Data were analyzed using publicly available (
https://github.com/gkaguirrelab/vepMELAanalysis), custom MATLAB software. The signal was subject to a 0.5- to 150-Hz bandpass filter to remove nonphysiologic oscillations and a bandstop filter at 60 Hz to remove electrical line noise. Trials with any time point >0.08 mV or all values <0.02 mV were removed to eliminate noisy trials due to poor electrode placement; this constituted 152 out of a total of 6,300 trials in the study (2.4%). The median response across trials in the time domain provided the cortical VEP. The first 0.5 s of the stimulus presentation were discarded to eliminate the onset response, leaving the remaining 1.5-s epoch. Because the 1.625-Hz and 3.25-Hz stimuli were not bin centered for the Fourier transform with a 1.5-s response epoch, time windows of 1.231 s and 1.538 s were used, respectively, for the analysis of these stimuli. The signal was converted from the time domain into the frequency domain using a discrete Fourier transform. Responses contained a peak at the fundamental flicker frequency of the visual stimulus, which can be seen in power spectral density (PSD) plots (
Supplementary Figure S5). Prominent higher harmonic responses are also evident. Each PSD was fit using a previously described technique (
Haller et al., 2018) to estimate and remove the aperiodic (nonoscillatory) component of the ssVEP (
Supplementary Figure S5). Consistent with previous reports (
Haller et al., 2018), the aperiodic signal was greatest at low frequencies and is well described by 1/frequency function. There were no significant differences in the aperiodic signal between groups or stimulus conditions (
Supplementary Figure S6). The aperiodic fit was subtracted from the original signal to obtain the periodic signal (
Supplementary Figure S5). Median responses for the fundamental flicker frequency of each stimulus were calculated across groups. A two-sample
t test was used for subject demographic comparison. The median responses for each group and spectral direction were fit with a difference-of-exponentials model that describes temporal sensitivity (
Hawken, Shapley, & Grosof, 1996). Temporal sensitivity fits were used to calculate the peak frequency and peak amplitude for each curve. Estimates of the variability of these measures in our population were obtained by repeating the fitting over 1,000 bootstrap resamples across subjects (with replacement) and calculating 95% confidence intervals.

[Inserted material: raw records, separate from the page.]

(* Any two of the counting functions and set families in the statement
   dominate each other up to a fixed rescaling, N1(lam r, S1 r) <=
   N2(c lam * a r, S2 (a r)) with constants 0 < c <= 1 and a > 0:
   nu(r) <= n(r/2) and n(r) <= nu(r/2), nbar(r) <= n(r) <= nbar(r/2), and
   E `&` B(x,r) <= E `&` Bbar(x,r) <= E `&` B(x,2r), also with the closure of
   E `&` B(x,r) in the middle when E is closed.  Replacing r by a r does not
   change a limit at r -> 0, and replacing lam by c lam only adds the constant
   log(1/c) to log(1/lam), which is negligible as lam -> 0. *)

Section LimitsAtZero.
Context {R : realType}.
Local Open Scope ereal_scope.

Lemma eliminf0_le_scale {f g : R -> \bar R} {a δ : R} : (0 < a)%R -> (0 < δ)%R ->
  (forall t, (0 < t < δ)%R -> f t <= g (a * t)%R) -> eliminf0 f <= eliminf0 g.
Proof.
move=> a0 d0 fg; apply: ge_ereal_sup => _ [e e0 <-].
have ae0 : (0 < a * Num.min e δ)%R by rewrite mulr_gt0 // lt_min e0 d0.
apply: le_trans (ereal_sup_ubound _); last by exists (a * Num.min e δ)%R.
apply: le_ereal_inf_tmp => _ [s /andP[s0 sae] <-].
move: sae; rewrite -ltr_pdivrMl // lt_min => /andP[s_ae s_ad].
have s_a0 : (0 < a^-1 * s)%R by rewrite mulr_gt0 ?invr_gt0.
apply: ge_ereal_inf; exists (f (a^-1 * s)%R); first by exists (a^-1 * s)%R => //; apply/andP.
by rewrite -[in g s](mulVKf (lt0r_neq0 a0) s); apply: fg; apply/andP.
Qed.

Lemma elimsup0_le_scale {f g : R -> \bar R} {a δ : R} : (0 < a)%R -> (0 < δ)%R ->
  (forall t, (0 < t < δ)%R -> f t <= g (a * t)%R) -> elimsup0 f <= elimsup0 g.
Proof.
move=> a0 d0 fg; apply: le_ereal_inf_tmp => _ [e e0 <-].
pose e' := Num.min δ (a^-1 * e)%R.
have e'0 : (0 < e')%R by rewrite lt_min d0 mulr_gt0 ?invr_gt0.
apply: ge_ereal_inf; exists (ereal_sup [set f t | t in [set t | (0 < t < e')%R]]).
  by exists e'.
apply: ge_ereal_sup => _ [t /andP[t0 +] <-].
rewrite /e' lt_min ltr_pdivlMl // => /andP[td tae].
apply: le_ereal_sup_tmp; exists (g (a * t)%R); last by apply: fg; apply/andP.
by exists (a * t)%R => //; apply/andP; rewrite mulr_gt0.
Qed.

Lemma eliminf0_pZl (f : R -> \bar R) (b : R) : (0 < b)%R ->
  eliminf0 (fun t => b%:E * f t) = b%:E * eliminf0 f.
Proof.
move=> b0; rewrite /eliminf0 -ereal_sup_pZl // image_comp; congr ereal_sup.
by apply: eq_imagel => e _ /=; rewrite -ereal_inf_pZl // image_comp.
Qed.

Lemma elimsup0_pZl (f : R -> \bar R) (b : R) : (0 < b)%R ->
  elimsup0 (fun t => b%:E * f t) = b%:E * elimsup0 f.
Proof.
move=> b0; rewrite /elimsup0 -ereal_inf_pZl // image_comp; congr ereal_inf.
by apply: eq_imagel => e _ /=; rewrite -ereal_sup_pZl // image_comp.
Qed.

Lemma lee_mul1Dgt0 (x y : \bar R) :
  (forall e : R, (0 < e)%R -> x <= (1 + e)%:E * y) -> x <= y.
Proof.
case: y => [y| |] xy; last 2 first.
- by rewrite leey.
- by have := xy 1%R ltr01; rewrite gt0_muleNy // lte_fin addr_gt0.
case: x xy => [x| |] xy; last 2 first.
- by have := xy 1%R ltr01; rewrite -EFinM leNgt ltey.
- by rewrite leNye.
rewrite lee_fin; apply/ler_addgt0Pr => e e0.
have [y0|y0] := leP y 0%R.
  by have := xy 1%R ltr01; rewrite -EFinM lee_fin; nra.
have := xy (e / y)%R (divr_gt0 e0 y0); rewrite -EFinM lee_fin mulrDl mul1r.
by rewrite mulfVK ?gt_eqF.
Qed.

End LimitsAtZero.

Lemma ln_recipM_le {R : realType} {c e lam : R} : 0 < c -> 0 < e -> 0 < lam ->
  lam < expR (ln c / e) -> ln (1 / (c * lam)) <= (1 + e) * ln (1 / lam).
Proof.
move=> c0 e0 lam0 lam_small.
have : ln lam < ln c / e by rewrite -[X in _ < X]expRK ltr_ln ?posrE ?expR_gt0.
rewrite ltr_pdivlMr // !div1r !lnV ?posrE ?mulr_gt0 // lnM ?posrE //.
nra.
Qed.
Lemma cauchy_schwarz_sum n (u v : 'I_n -> C) :
  `|\sum_j u j * v j| <= sqrtC (\sum_j `|u j| ^+ 2) * sqrtC (\sum_j `|v j| ^+ 2).
Proof.
pose x : 'rV[C]_n := \row_j u j.
pose y : 'rV[C]_n := \row_j (v j)^*.
have : `|dotmx x y| <= sqrtC (dotmx x x) * sqrtC (dotmx y y) :=
  (CauchySchwarz_sqrt (@dotmx C n) x y).1.
rewrite !dotmxE !mxE; under eq_bigr do rewrite !mxE conjCK.
under [X in sqrtC X * _]eq_bigr do rewrite !mxE -normCK.
by under [X in _ * sqrtC X]eq_bigr do rewrite !mxE -normCK norm_conjC.
Qed.

Lemma row_normsq m n (M : 'M[C]_(m, n)) i : (M *m M ^t*) i i = \sum_j `|M i j| ^+ 2.
Proof. by rewrite !mxE; apply: eq_bigr => j _; rewrite !mxE normCK. Qed.

Lemma col_normsq m n (M : 'M[C]_(m, n)) i : (M ^t* *m M) i i = \sum_j `|M j i| ^+ 2.
Proof. by rewrite !mxE; apply: eq_bigr => j _; rewrite !mxE normCK mulrC. Qed.

Lemma unitarymx_trC_mul {n} {M : 'M[C]_n} : M \is unitarymx -> M ^t* *m M = 1%:M.
Proof. by rewrite -trmxC_unitary => /unitarymxP; rewrite trmxCK. Qed.

Section Spectral.
Variables (n : nat) (X : 'M[C]_n).
Let G := X ^t* *m X.
Let P := spectralmx G.
Let D := spectral_diag G.
Let Y := X *m P ^t*.

Let PPt : P *m P ^t* = 1%:M.
Proof. exact/unitarymxP/spectral_unitarymx. Qed.

Let PtP : P ^t* *m P = 1%:M.
Proof. exact/unitarymx_trC_mul/spectral_unitarymx. Qed.

Let G_spectral : G = P ^t* *m diag_mx D *m P.
Proof.
have G_normal : G \is normalmx.
  by apply/normalmxP; rewrite {1}/G !trmx_mul !map_mxM trmxCK.
by have := orthomx_spectralP G_normal; rewrite -invmx_unitary ?spectral_unitarymx.
Qed.

Let spectral_diagE i : D 0 i = \sum_j `|Y j i| ^+ 2.
Proof.
have YtY : Y ^t* *m Y = diag_mx D.
  rewrite /Y !trmx_mul !map_mxM trmxCK !mulmxA -(mulmxA P) -/G G_spectral.
  by rewrite !mulmxA PPt mul1mx -mulmxA PPt mulmx1.
by rewrite -col_normsq YtY mxE eqxx mulr1n.
Qed.

Let spectral_diag_ge0 i : 0 <= D 0 i.
Proof. by rewrite spectral_diagE; apply: sumr_ge0 => j _; rewrite exprn_ge0. Qed.

(* The right-hand side is the trace norm of X. *)
Lemma trace_unitary_mul_le (Z : 'M[C]_n) : Z *m Z ^t* = 1%:M ->
  `|\tr (Z *m X)| <= \sum_i sqrtC (D 0 i).
Proof.
move=> ZU.
have -> : \tr (Z *m X) = \tr (P *m Z *m Y).
  rewrite /Y [RHS]mxtrace_mulC !mulmxA -(mulmxA X) PtP mulmx1.
  exact: mxtrace_mulC.
have PZU : (P *m Z) *m (P *m Z) ^t* = 1%:M.
  by rewrite trmx_mul map_mxM mulmxA -(mulmxA P) ZU mulmx1 PPt.
rewrite /mxtrace; apply: le_trans; first exact: ler_norm_sum.
apply: ler_sum => i _; rewrite mxE; apply: le_trans; first exact: cauchy_schwarz_sum.
by rewrite -row_normsq PZU mxE eqxx mulr1n sqrtC1 mul1r spectral_diagE.
Qed.

(* Each diagonal entry of X^* X is a convex mixture, with weights |P i j|^2,
   of its eigenvalues; concavity of sqrt (in the form of Cauchy-Schwarz) then
   bounds the sum of the singular values by that of the column norms of X. *)
Lemma sum_sqrt_spectral_le : \sum_i sqrtC (D 0 i) <= \sum_j sqrtC (G j j).
Proof.
have colP j : \sum_i `|P i j| ^+ 2 = 1 by rewrite -col_normsq PtP mxE eqxx.
have rowP i : \sum_j `|P i j| ^+ 2 = 1 by rewrite -row_normsq PPt mxE eqxx.
have sqrtD_ge0 i : 0 <= sqrtC (D 0 i) by rewrite sqrtC_ge0 spectral_diag_ge0.
have mixture_le j : \sum_i `|P i j| ^+ 2 * sqrtC (D 0 i) <= sqrtC (G j j).
  have := cauchy_schwarz_sum _ (fun i => `|P i j|) (fun i => `|P i j| * sqrtC (D 0 i)).
  under eq_bigr do rewrite mulrA -expr2.
  rewrite ger0_norm; last by apply: sumr_ge0 => i _; rewrite mulr_ge0 ?exprn_ge0.
  under [X in sqrtC X * _]eq_bigr do rewrite normr_id.
  suff -> : \sum_i `| `|P i j| * sqrtC (D 0 i)| ^+ 2 = G j j.
    by rewrite colP sqrtC1 mul1r.
  rewrite G_spectral mul_mx_diag mxE; apply: eq_bigr => i _.
  by rewrite normrM normr_id exprMn ger0_norm // sqrtCK !mxE normCK; ring.
apply: le_trans (ler_sum _ (fun j _ => mixture_le j)).
by rewrite exchange_big; apply: ler_sum => i _; rewrite -mulr_suml rowP mul1r.
Qed.
Lemma sum_n_m_nonneg (f : nat -> R) n m : (forall k, 0 <= f k) -> 0 <= sum_n_m f n m.
Proof.
  intros H. assert (E : sum_n_m (fun _ : nat => 0) n m = 0)
    by apply (sum_n_m_const_zero (G := R_AbelianMonoid)).
  rewrite <- E. apply sum_n_m_le. exact H.
Qed.

Lemma sum_n_m_shift (f : nat -> R) d n m :
  sum_n_m (fun k => f (k + d)%nat) n m = sum_n_m f (n + d) (m + d).
Proof.
  revert f. induction d as [|d IH]; intros f.
  - rewrite !Nat.add_0_r. apply sum_n_m_ext. intros; now rewrite Nat.add_0_r.
  - replace (n + S d)%nat with (S (n + d)) by lia.
    replace (m + S d)%nat with (S (m + d)) by lia.
    rewrite <- sum_n_m_S, <- (IH (fun j => f (S j))).
    apply sum_n_m_ext. intros; f_equal; lia.
Qed.

Lemma sum_pow_pos p N : (1 <= N)%nat -> 0 < sum_n_m (fun k => INR k ^ p) 1 N.
Proof.
  intros HN. rewrite (sum_n_m_Chasles _ 1 1 N) by lia. change (plus ?x ?y) with (x + y).
  rewrite sum_n_n, pow1.
  assert (0 <= sum_n_m (fun k => INR k ^ p) 2 N).
  { apply sum_n_m_nonneg. intros; apply pow_le, pos_INR. }
  lra.
Qed.
(* Under the hypotheses of the previous lemma, assume additionally that $\boldsymbol{\Sigma}_k$ is positive semidefinite. Then for all $\boldsymbol{w}=(\boldsymbol{x},\boldsymbol{\lambda})\in\Omega$, $$f(\boldsymbol{x})-f(\tilde{\boldsymbol{x}}^k)+(\boldsymbol{w}-\tilde{\boldsymbol{w}}^k)^T\boldsymbol{\Gamma}(\boldsymbol{w})+\frac1{2\gamma}\Big(\|\boldsymbol{w}-\boldsymbol{w}^k\|_{\boldsymbol{\Sigma}_k}^2-\|\boldsymbol{w}-\boldsymbol{w}^{k+1}\|_{\boldsymbol{\Sigma}_k}^2\Big)\ge 0.$$
   Context: Setting: $\mathcal{X}\subset\mathbb{R}^n$ nonempty closed convex; $f$ convex; $\phi_i$ convex, continuously differentiable; $\Phi=(\phi_1,\dots,\phi_m)^T$, Jacobian $\mathcal{D}\Phi$; $\Omega=\mathcal{X}\times\mathbb{R}^m_+$; $\boldsymbol{\Gamma}(\boldsymbol{w})=(\mathcal{D}\Phi(\boldsymbol{x})^T\boldsymbol{\lambda},-\Phi(\boldsymbol{x}))$. Hypotheses of the previous lemma: $\gamma\in(0,2)$, $r_k,s_k>0$, $\tilde{\boldsymbol{w}}^k\in\Omega$ satisfies $f(\boldsymbol{x})-f(\tilde{\boldsymbol{x}}^k)+(\boldsymbol{w}-\tilde{\boldsymbol{w}}^k)^T\{\boldsymbol{\Gamma}(\tilde{\boldsymbol{w}}^k)+\boldsymbol{\Sigma}_k(\tilde{\boldsymbol{w}}^k-\boldsymbol{w}^k)\}\ge0$ for all $\boldsymbol{w}\in\Omega$, $\boldsymbol{w}^{k+1}=\boldsymbol{w}^k-\gamma(\boldsymbol{w}^k-\tilde{\boldsymbol{w}}^k)$, where $\boldsymbol{\Sigma}_k=\begin{pmatrix} r_k\boldsymbol{I}_n & -\mathcal{D}\Phi(\tilde{\boldsymbol{x}}^k)^T\\ -\mathcal{D}\Phi(\tilde{\boldsymbol{x}}^k) & s_k\boldsymbol{I}_m\end{pmatrix}$; $\|\boldsymbol{v}\|_{\boldsymbol{H}}^2=\boldsymbol{v}^T\boldsymbol{H}\boldsymbol{v}$. *)

From HB Require Import structures.
From mathcomp Require Import all_boot all_order all_algebra.
From mathcomp Require Import all_classical all_reals all_analysis.
Set Implicit Arguments. Unset Strict Implicit. Unset Printing Implicit Defensive.
Import Order.TTheory GRing.Theory Num.Theory.
Import numFieldNormedType.Exports.
Local Open Scope classical_set_scope.
Local Open Scope ring_scope.

Section Defs.
Variable R : realType.

Definition convex_set_cv {n : nat} (X : set 'cV[R]_n) : Prop :=
  forall x y (t : R), X x -> X y -> 0 <= t -> t <= 1 ->
    X (t *: x + (1 - t) *: y).

Definition convex_fun_cv {n : nat} (f : 'cV[R]_n -> R) : Prop :=
  forall x y (t : R), 0 <= t -> t <= 1 ->
    f (t *: x + (1 - t) *: y) <= t * f x + (1 - t) * f y.

Definition jacPhi {n m : nat} (phi : 'I_m -> 'cV[R]_n -> R)
  (x : 'cV[R]_n) : 'M[R]_(m, n) :=
  \matrix_(i < m, j < n) ('d (phi i) x) (delta_mx j 0 : 'cV[R]_n).

Definition PhiV {n m : nat} (phi : 'I_m -> 'cV[R]_n -> R) (x : 'cV[R]_n)
  : 'cV[R]_m := \col_(i < m) phi i x.

Definition GammaOp {n m : nat} (phi : 'I_m -> 'cV[R]_n -> R)
  (x : 'cV[R]_n) (lam : 'cV[R]_m) : 'cV[R]_(n + m) :=
  col_mx ((jacPhi phi x)^T *m lam) (- PhiV phi x).

Definition Sigma {n m : nat} (phi : 'I_m -> 'cV[R]_n -> R) (r s : R)
  (xt : 'cV[R]_n) : 'M[R]_(n + m) :=
  block_mx (r%:M) (- (jacPhi phi xt)^T) (- jacPhi phi xt) (s%:M).

Definition mnorm2 {p : nat} (H : 'M[R]_p) (v : 'cV[R]_p) : R :=
  (v^T *m H *m v) 0 0.

Definition psd {p : nat} (H : 'M[R]_p) : Prop :=
  forall v : 'cV[R]_p, 0 <= mnorm2 H v.

Definition dotc {p : nat} (a b : 'cV[R]_p) : R := (a^T *m b) 0 0.

Definition nonneg {m : nat} (lam : 'cV[R]_m) : Prop := forall i, 0 <= lam i 0.

End Defs.

From HB Require Import structures.
From mathcomp Require Import all_boot all_order all_algebra.
From mathcomp Require Import all_classical all_reals all_analysis.
From mathcomp Require Import lra ring.
Import Order.TTheory GRing.Theory Num.Theory.
Import numFieldNormedType.Exports.
Local Open Scope classical_set_scope.
Local Open Scope ring_scope.

(* First, Gamma is monotone on Omega: by the gradient
   inequality for each convex phi_i, the i-th term of
   (w - w')^T (Gamma w - Gamma w') is lam_i times one Bregman gap of phi_i plus
   lam'_i times another, both nonnegative.  Hence Gamma(w~) may be replaced by
   Gamma(w) in the variational inequality.  Second, for symmetric Sigma, with
   e = w - w^k and d = w~ - w^k, expanding the two squared norms gives
   (1/2g)(|e|^2 - |e - g d|^2) - (e - d)^T Sigma d = (1 - g/2) |d|^2 >= 0. *)

Section DotProduct.
Context {R : realType} {p : nat}.
Implicit Types (a b c : 'cV[R]_p) (S : 'M[R]_p).

Lemma dotcE a b : dotc a b = \sum_i a i 0 * b i 0.
Proof. by rewrite /dotc mxE; apply: eq_bigr => i _; rewrite mxE. Qed.

Lemma dotcDr a b c : dotc c (a + b) = dotc c a + dotc c b.
Proof. by rewrite /dotc mulmxDr mxE. Qed.

Lemma dotcBl a b c : dotc (a - b) c = dotc a c - dotc b c.
Proof. by rewrite /dotc raddfB /= mulmxBl !mxE. Qed.

Lemma dotcBr a b c : dotc c (a - b) = dotc c a - dotc c b.
Proof. by rewrite /dotc mulmxBr !mxE. Qed.

Lemma dotcZl (k : R) a c : dotc (k *: a) c = k * dotc a c.
Proof. by rewrite /dotc linearZ /= -scalemxAl mxE. Qed.

Lemma dotcZr (k : R) a c : dotc c (k *: a) = k * dotc c a.
Proof. by rewrite /dotc -scalemxAr mxE. Qed.

Lemma mnorm2_dotc S a : mnorm2 S a = dotc a (S *m a).
Proof. by rewrite /mnorm2 /dotc mulmxA. Qed.

Lemma mnorm2Z S (k : R) a : mnorm2 S (k *: a) = k ^+ 2 * mnorm2 S a.
Proof. by rewrite !mnorm2_dotc -scalemxAr dotcZl dotcZr mulrA expr2. Qed.

Lemma dotc_sym_mx S a b : S^T = S -> dotc a (S *m b) = dotc b (S *m a).
Proof.
move=> symS; rewrite /dotc [RHS](_ : _ = ((b^T *m (S *m a))^T) 0 0).
  by rewrite !trmx_mul trmxK symS mulmxA.
by rewrite [in RHS]mxE.
Qed.

Lemma mnorm2B S a b : S^T = S ->
  mnorm2 S (a - b) = mnorm2 S a - 2 * dotc a (S *m b) + mnorm2 S b.
Proof.
move=> symS; rewrite !mnorm2_dotc mulmxBr !dotcBl !dotcBr (dotc_sym_mx S b a symS).
by ring.
Qed.

End DotProduct.

Lemma dotc_col_mx {R : realType} {n m : nat} (a c : 'cV[R]_n) (b d : 'cV[R]_m) :
  dotc (col_mx a b) (col_mx c d) = dotc a c + dotc b d.
Proof. by rewrite /dotc tr_col_mx mul_row_col mxE. Qed.

Lemma dotc_trmx {R : realType} {n m : nat} (A : 'M[R]_(m, n)) u l :
  dotc u (A^T *m l) = dotc (A *m u) l.
Proof. by rewrite /dotc trmx_mul mulmxA. Qed.

Lemma dotc_le_relaxed_mnorm2 {R : realType} {p : nat} {S : 'M[R]_p} {g : R}
    (w wk wt : 'cV[R]_p) :
  S^T = S -> psd S -> 0 < g -> g < 2 ->
  dotc (w - wt) (S *m (wt - wk)) <=
  (2 * g)^-1 * (mnorm2 S (w - wk) - mnorm2 S (w - (wk - g *: (wk - wt)))).
Proof.
move=> symS psdS g0 g2.
set e := w - wk; set d := wt - wk.
have -> : w - wt = e - d by rewrite /e /d opprB addrA subrK.
have -> : w - (wk - g *: (wk - wt)) = e - g *: d.
  by rewrite /e /d -[wt - wk]opprB scalerN opprK opprB addrA addrAC.
clearbody e d.
rewrite mnorm2B // mnorm2Z -scalemxAr dotcZr dotcBl -mnorm2_dotc.
have -> : (2 * g)^-1 * (mnorm2 S e - (mnorm2 S e - 2 * (g * dotc e (S *m d))
            + g ^+ 2 * mnorm2 S d)) = dotc e (S *m d) - g / 2 * mnorm2 S d.
  by field; rewrite lt0r_neq0.
by have := psdS d; nra.
Qed.

Lemma convex_fun_grad_le {R : realType} {n : nat} {g : 'cV[R]_n -> R} {x : 'cV[R]_n}
    (y : 'cV[R]_n) :
  convex_fun_cv g -> differentiable g x -> g x + 'd g x (y - x) <= g y.
Proof.
move=> cvx_g dg; rewrite -deriveE // addrC -lerBrDr.
have quot_cvg : (fun h : R => h^-1 *: ((g \o shift x) (h *: (y - x)) - g x))
    @ 0^'+ --> derive g x (y - x).
  move=> A HA; have := @diff_derivable _ _ _ _ _ (y - x) dg A HA.
  rewrite /= !near_simpl /= !near_withinE; apply: filterS => h P hp.
  by apply: P; rewrite /= lt0r_neq0.
apply: (cvgr_to_le quot_cvg); near=> h.
have hp : 0 < h by near: h; exact: nbhs_right_gt.
have h1 : h <= 1 by near: h; apply: nbhs_right_le; exact: ltr01.
rewrite /= -[X in _ <= X]mul1r -[in X in _ <= X](mulVf (lt0r_neq0 hp)).
rewrite -mulrA ler_pM2l ?invr_gt0 //.
have := cvx_g y x h (ltW hp) h1.
have -> : h *: y + (1 - h) *: x = h *: (y - x) + x.
  by rewrite scalerBl scale1r scalerBr [x - _]addrC addrA.
lra.
Unshelve. all: by end_near.
Qed.

Section Monotonicity.
Context {R : realType} {n m : nat} {phi : 'I_m -> 'cV[R]_n -> R}.
Hypotheses (cvx_phi : forall i, convex_fun_cv (phi i))
  (diff_phi : forall i x, differentiable (phi i) x).

Lemma jacPhi_mulmx (x v : 'cV[R]_n) i : (jacPhi phi x *m v) i 0 = 'd (phi i) x v.
Proof.
rewrite mxE {2}(matrix_sum_delta v) linear_sum; apply: eq_bigr => j _.
by rewrite big_ord1 linearZ /= mxE mulrC.
Qed.

Lemma phi_bregman_ge0 (x y : 'cV[R]_n) i :
  0 <= phi i y - phi i x - (jacPhi phi x *m (y - x)) i 0.
Proof.
rewrite jacPhi_mulmx -addrA -opprD subr_ge0.
exact: (convex_fun_grad_le y (cvx_phi i) (diff_phi i x)).
Qed.

Lemma GammaOp_monotone (x xt : 'cV[R]_n) (lam lt : 'cV[R]_m) :
  nonneg lam -> nonneg lt ->
  0 <= dotc (col_mx x lam - col_mx xt lt) (GammaOp phi x lam - GammaOp phi xt lt).
Proof.
have weighted_sum_ge0 (a b l l' u v : R) : 0 <= l -> 0 <= l' ->
    0 <= v - u + a -> 0 <= u - v - b -> 0 <= a * l - b * l' + (l - l') * (v - u).
  by move=> *; nra.
move=> lam_ge0 lt_ge0.
rewrite /GammaOp !opp_col_mx !add_col_mx dotc_col_mx dotcBr.
rewrite [X in X - _ + _]dotc_trmx [X in _ - X + _]dotc_trmx.
rewrite [X in X - _ + _]dotcE [X in _ - X + _]dotcE [X in _ + X]dotcE.
rewrite -sumrB -big_split; apply: sumr_ge0 => i _ /=.
have -> : (lam - lt) i 0 = lam i 0 - lt i 0 by rewrite !mxE.
have -> : (- PhiV phi x - - PhiV phi xt) i 0 = phi i xt - phi i x.
  by rewrite !mxE opprK addrC.
have Bx := phi_bregman_ge0 x xt i.
rewrite -[xt - x]opprB mulmxN mxE opprK in Bx.
have Bxt := phi_bregman_ge0 xt x i.
exact: weighted_sum_ge0 (lam_ge0 i) (lt_ge0 i) Bx Bxt.
Qed.

End Monotonicity.

Lemma Sigma_sym {R : realType} {n m : nat} (phi : 'I_m -> 'cV[R]_n -> R) r s xt :
  (Sigma phi r s xt)^T = Sigma phi r s xt.
Proof. by rewrite /Sigma tr_block_mx !tr_scalar_mx !linearN /= trmxK. Qed.

Theorem mainTheorem5 (R : realType) (n m : nat)
  (X : set 'cV[R]_n) (f : 'cV[R]_n -> R) (phi : 'I_m -> 'cV[R]_n -> R)
  (gamma r s : R) (xk xt : 'cV[R]_n) (lk lt : 'cV[R]_m) (w1 : 'cV[R]_(n + m)) :
  X !=set0 -> closed X -> convex_set_cv X ->
  convex_fun_cv f ->
  (forall i, convex_fun_cv (phi i)) ->
  (forall i x, differentiable (phi i) x) ->
  (forall i j, continuous (fun x => jacPhi phi x i j)) ->
  0 < gamma -> gamma < 2 -> 0 < r -> 0 < s ->
  X xt -> nonneg lt ->
  (forall (x : 'cV[R]_n) (lam : 'cV[R]_m), X x -> nonneg lam ->
     0 <= f x - f xt
          + dotc (col_mx x lam - col_mx xt lt)
                 (GammaOp phi xt lt
                  + Sigma phi r s xt *m (col_mx xt lt - col_mx xk lk))) ->
  w1 = col_mx xk lk - gamma *: (col_mx xk lk - col_mx xt lt) ->
  psd (Sigma phi r s xt) ->
  forall (x : 'cV[R]_n) (lam : 'cV[R]_m), X x -> nonneg lam ->
    0 <= f x - f xt
         + dotc (col_mx x lam - col_mx xt lt) (GammaOp phi x lam)
         + (2 * gamma)^-1 *
             (mnorm2 (Sigma phi r s xt) (col_mx x lam - col_mx xk lk)
              - mnorm2 (Sigma phi r s xt) (col_mx x lam - w1)).
Proof.
move=> _ _ _ _ cvx_phi diff_phi _ g0 g2 _ _ _ lt_ge0 vi_wt -> psdS x lam Xx lam_ge0.
have vi := vi_wt x lam Xx lam_ge0; rewrite dotcDr in vi.
have mono := GammaOp_monotone cvx_phi diff_phi x xt lam lt lam_ge0 lt_ge0.
rewrite dotcBr in mono.
have relax := dotc_le_relaxed_mnorm2 (col_mx x lam) (col_mx xk lk) (col_mx xt lt)
  (Sigma_sym phi r s xt) psdS g0 g2.
lra.
Qed.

In supplemental analyses, we examined the response at the second harmonic frequency. As the 2F harmonic of the 30-Hz stimulus overlaps with powerline noise at 60 Hz, it could not be measured directly. Instead, the amplitude of the harmonic response was estimated. We observed that there was a linear relationship between the frequencies of the 1, 2, 3, and 4 harmonics and the response amplitudes. Thus, the amplitude of response at 30 and 90 Hz was used to estimate the response at 60 Hz in this analysis.
In supplemental analyses, we also tested for the presence of narrowband gamma oscillations. This was done by calculating Thomson's multitaper PSD estimate for each trial and taking the median value across trials.